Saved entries
-------

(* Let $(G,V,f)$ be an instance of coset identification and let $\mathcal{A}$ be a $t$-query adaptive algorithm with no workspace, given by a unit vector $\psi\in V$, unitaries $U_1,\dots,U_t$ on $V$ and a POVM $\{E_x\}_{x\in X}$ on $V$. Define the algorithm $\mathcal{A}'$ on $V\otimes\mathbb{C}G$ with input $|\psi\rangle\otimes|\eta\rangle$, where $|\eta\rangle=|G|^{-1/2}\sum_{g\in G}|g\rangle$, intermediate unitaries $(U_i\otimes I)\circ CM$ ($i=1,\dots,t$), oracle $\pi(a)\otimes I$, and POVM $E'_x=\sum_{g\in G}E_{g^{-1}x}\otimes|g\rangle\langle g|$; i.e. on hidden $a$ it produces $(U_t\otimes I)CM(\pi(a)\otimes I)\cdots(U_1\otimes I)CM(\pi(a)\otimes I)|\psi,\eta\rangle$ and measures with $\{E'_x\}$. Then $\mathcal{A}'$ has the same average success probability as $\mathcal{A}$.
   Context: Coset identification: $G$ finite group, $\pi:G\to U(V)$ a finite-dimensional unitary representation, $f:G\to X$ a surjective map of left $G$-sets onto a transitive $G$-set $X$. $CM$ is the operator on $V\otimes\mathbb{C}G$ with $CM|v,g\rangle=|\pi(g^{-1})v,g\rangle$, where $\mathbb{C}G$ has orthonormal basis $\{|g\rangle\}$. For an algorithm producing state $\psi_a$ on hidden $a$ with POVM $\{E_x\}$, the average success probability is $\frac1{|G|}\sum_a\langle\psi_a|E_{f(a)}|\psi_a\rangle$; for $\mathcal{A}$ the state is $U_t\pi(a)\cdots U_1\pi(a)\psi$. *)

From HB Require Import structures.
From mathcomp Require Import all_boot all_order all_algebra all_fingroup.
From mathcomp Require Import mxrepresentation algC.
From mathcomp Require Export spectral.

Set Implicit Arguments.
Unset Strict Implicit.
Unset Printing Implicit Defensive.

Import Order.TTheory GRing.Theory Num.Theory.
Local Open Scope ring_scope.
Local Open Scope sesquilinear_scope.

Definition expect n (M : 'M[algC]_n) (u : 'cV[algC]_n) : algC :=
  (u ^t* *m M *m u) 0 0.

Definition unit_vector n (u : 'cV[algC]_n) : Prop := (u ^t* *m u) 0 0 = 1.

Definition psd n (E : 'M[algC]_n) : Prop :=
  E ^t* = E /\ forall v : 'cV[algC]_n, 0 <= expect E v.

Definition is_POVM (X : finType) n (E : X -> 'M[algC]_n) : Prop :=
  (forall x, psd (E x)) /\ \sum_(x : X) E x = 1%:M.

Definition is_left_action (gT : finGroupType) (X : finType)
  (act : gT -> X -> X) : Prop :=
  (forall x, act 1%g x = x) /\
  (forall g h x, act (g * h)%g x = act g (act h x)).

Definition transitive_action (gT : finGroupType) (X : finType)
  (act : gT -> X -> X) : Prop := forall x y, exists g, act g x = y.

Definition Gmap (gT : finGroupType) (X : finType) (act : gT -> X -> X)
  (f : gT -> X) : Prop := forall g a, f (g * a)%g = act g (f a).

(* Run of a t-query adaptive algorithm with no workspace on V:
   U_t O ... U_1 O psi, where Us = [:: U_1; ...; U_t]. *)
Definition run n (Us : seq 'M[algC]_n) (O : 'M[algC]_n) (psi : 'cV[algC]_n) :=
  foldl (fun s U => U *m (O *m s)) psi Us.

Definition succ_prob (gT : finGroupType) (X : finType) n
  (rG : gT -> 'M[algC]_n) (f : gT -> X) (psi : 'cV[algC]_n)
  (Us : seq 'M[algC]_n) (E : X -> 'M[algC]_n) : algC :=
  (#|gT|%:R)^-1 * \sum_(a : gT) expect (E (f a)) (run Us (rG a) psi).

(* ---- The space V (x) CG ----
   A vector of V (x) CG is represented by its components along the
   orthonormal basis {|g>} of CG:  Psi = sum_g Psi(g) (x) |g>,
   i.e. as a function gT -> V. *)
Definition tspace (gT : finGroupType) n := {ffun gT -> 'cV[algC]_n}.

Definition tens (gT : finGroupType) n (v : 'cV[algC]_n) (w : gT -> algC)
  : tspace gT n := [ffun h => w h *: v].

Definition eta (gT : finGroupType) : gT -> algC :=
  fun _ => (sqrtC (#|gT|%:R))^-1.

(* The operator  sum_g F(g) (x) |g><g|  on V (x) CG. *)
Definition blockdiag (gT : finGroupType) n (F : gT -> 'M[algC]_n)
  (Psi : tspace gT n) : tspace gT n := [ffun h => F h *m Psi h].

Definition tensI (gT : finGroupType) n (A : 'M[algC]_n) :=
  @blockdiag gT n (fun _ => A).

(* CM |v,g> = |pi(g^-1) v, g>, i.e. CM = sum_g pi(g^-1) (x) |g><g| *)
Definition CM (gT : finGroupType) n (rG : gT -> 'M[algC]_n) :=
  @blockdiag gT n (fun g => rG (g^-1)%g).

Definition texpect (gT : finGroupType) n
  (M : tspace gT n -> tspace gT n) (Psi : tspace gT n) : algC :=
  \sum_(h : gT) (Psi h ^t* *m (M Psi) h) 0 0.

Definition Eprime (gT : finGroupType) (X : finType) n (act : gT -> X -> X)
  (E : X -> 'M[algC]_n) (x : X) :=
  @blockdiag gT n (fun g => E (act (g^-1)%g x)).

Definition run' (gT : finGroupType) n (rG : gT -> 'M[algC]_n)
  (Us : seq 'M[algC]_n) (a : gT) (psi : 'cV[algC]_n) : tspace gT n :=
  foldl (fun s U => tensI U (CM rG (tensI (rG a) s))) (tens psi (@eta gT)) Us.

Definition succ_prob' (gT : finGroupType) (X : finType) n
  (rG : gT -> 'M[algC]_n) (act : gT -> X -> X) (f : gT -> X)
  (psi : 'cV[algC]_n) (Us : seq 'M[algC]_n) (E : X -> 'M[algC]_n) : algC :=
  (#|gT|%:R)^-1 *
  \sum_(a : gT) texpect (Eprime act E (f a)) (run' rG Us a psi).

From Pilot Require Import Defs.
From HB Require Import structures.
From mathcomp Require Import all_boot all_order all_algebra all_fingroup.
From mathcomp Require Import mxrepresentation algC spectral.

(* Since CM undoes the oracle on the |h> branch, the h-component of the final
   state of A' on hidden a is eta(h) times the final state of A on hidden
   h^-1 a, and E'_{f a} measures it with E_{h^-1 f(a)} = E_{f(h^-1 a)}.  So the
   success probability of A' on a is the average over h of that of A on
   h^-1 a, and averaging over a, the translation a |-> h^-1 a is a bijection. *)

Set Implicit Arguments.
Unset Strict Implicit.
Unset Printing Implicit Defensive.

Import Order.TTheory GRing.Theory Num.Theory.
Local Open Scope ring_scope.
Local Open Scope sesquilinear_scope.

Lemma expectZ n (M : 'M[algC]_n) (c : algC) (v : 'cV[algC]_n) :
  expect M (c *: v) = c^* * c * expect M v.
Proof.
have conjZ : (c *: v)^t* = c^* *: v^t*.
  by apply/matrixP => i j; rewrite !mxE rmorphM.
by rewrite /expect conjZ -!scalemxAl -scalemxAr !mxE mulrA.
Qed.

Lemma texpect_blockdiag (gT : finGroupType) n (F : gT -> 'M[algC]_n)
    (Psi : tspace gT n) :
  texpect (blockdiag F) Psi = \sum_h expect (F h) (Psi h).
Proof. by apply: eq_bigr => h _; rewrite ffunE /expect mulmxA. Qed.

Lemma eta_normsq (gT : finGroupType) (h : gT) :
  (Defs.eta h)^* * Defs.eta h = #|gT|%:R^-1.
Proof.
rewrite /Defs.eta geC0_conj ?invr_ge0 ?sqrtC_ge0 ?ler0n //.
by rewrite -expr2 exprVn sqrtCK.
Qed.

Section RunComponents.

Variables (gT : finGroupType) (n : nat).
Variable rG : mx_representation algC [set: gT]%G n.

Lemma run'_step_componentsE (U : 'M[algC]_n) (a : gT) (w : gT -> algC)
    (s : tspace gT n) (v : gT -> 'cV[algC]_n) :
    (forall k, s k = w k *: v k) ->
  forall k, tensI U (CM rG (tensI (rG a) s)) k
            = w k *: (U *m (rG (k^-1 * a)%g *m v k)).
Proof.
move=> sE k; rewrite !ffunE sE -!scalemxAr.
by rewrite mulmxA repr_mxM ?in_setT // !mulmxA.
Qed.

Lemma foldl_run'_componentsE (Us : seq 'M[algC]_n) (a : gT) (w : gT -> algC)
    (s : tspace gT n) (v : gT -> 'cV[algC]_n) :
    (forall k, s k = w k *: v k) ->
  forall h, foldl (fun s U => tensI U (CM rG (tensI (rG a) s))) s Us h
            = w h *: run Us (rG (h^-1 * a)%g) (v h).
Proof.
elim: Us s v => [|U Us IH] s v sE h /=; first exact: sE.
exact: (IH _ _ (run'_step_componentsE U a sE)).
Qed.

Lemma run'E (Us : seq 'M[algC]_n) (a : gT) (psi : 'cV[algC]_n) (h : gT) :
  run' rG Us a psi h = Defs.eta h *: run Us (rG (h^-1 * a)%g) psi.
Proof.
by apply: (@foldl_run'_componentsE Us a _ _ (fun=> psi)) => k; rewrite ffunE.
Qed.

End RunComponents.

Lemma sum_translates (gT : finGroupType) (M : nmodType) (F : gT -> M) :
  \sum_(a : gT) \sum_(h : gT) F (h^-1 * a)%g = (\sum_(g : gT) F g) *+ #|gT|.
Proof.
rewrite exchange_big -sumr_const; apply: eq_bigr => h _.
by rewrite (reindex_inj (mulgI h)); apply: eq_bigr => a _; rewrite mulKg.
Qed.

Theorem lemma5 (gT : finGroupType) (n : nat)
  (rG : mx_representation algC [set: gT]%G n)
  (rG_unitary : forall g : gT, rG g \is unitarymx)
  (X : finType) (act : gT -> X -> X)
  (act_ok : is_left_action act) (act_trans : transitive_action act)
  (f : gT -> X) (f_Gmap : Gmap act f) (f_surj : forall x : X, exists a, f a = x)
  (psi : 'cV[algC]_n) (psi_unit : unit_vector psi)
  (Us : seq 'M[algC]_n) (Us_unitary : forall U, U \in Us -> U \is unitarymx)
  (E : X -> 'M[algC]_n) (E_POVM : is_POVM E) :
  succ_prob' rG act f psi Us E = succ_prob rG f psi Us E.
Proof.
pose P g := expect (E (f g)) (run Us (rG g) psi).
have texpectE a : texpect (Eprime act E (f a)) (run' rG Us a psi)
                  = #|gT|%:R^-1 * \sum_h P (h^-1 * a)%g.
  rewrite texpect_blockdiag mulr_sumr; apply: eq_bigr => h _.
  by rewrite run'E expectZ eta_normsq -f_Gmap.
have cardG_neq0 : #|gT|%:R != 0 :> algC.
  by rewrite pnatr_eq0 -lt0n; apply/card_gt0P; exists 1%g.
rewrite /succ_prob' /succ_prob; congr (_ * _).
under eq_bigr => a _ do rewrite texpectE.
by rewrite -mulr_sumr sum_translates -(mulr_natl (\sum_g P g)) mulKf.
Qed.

-------

### Task brief:
Above are the entries. Copy exactly the part that opens with the line containing "move=> sE k; rewrite !ffunE sE -!scalemxAr." and closes with the line containing "Theorem lemma5 (gT : finGroupType) (n : nat)", and no more.

### Result of the task:
move=> sE k; rewrite !ffunE sE -!scalemxAr.
by rewrite mulmxA repr_mxM ?in_setT // !mulmxA.
Qed.

Lemma foldl_run'_componentsE (Us : seq 'M[algC]_n) (a : gT) (w : gT -> algC)
    (s : tspace gT n) (v : gT -> 'cV[algC]_n) :
    (forall k, s k = w k *: v k) ->
  forall h, foldl (fun s U => tensI U (CM rG (tensI (rG a) s))) s Us h
            = w h *: run Us (rG (h^-1 * a)%g) (v h).
Proof.
elim: Us s v => [|U Us IH] s v sE h /=; first exact: sE.
exact: (IH _ _ (run'_step_componentsE U a sE)).
Qed.

Lemma run'E (Us : seq 'M[algC]_n) (a : gT) (psi : 'cV[algC]_n) (h : gT) :
  run' rG Us a psi h = Defs.eta h *: run Us (rG (h^-1 * a)%g) psi.
Proof.
by apply: (@foldl_run'_componentsE Us a _ _ (fun=> psi)) => k; rewrite ffunE.
Qed.

End RunComponents.

Lemma sum_translates (gT : finGroupType) (M : nmodType) (F : gT -> M) :
  \sum_(a : gT) \sum_(h : gT) F (h^-1 * a)%g = (\sum_(g : gT) F g) *+ #|gT|.
Proof.
rewrite exchange_big -sumr_const; apply: eq_bigr => h _.
by rewrite (reindex_inj (mulgI h)); apply: eq_bigr => a _; rewrite mulKg.
Qed.

Theorem lemma5 (gT : finGroupType) (n : nat)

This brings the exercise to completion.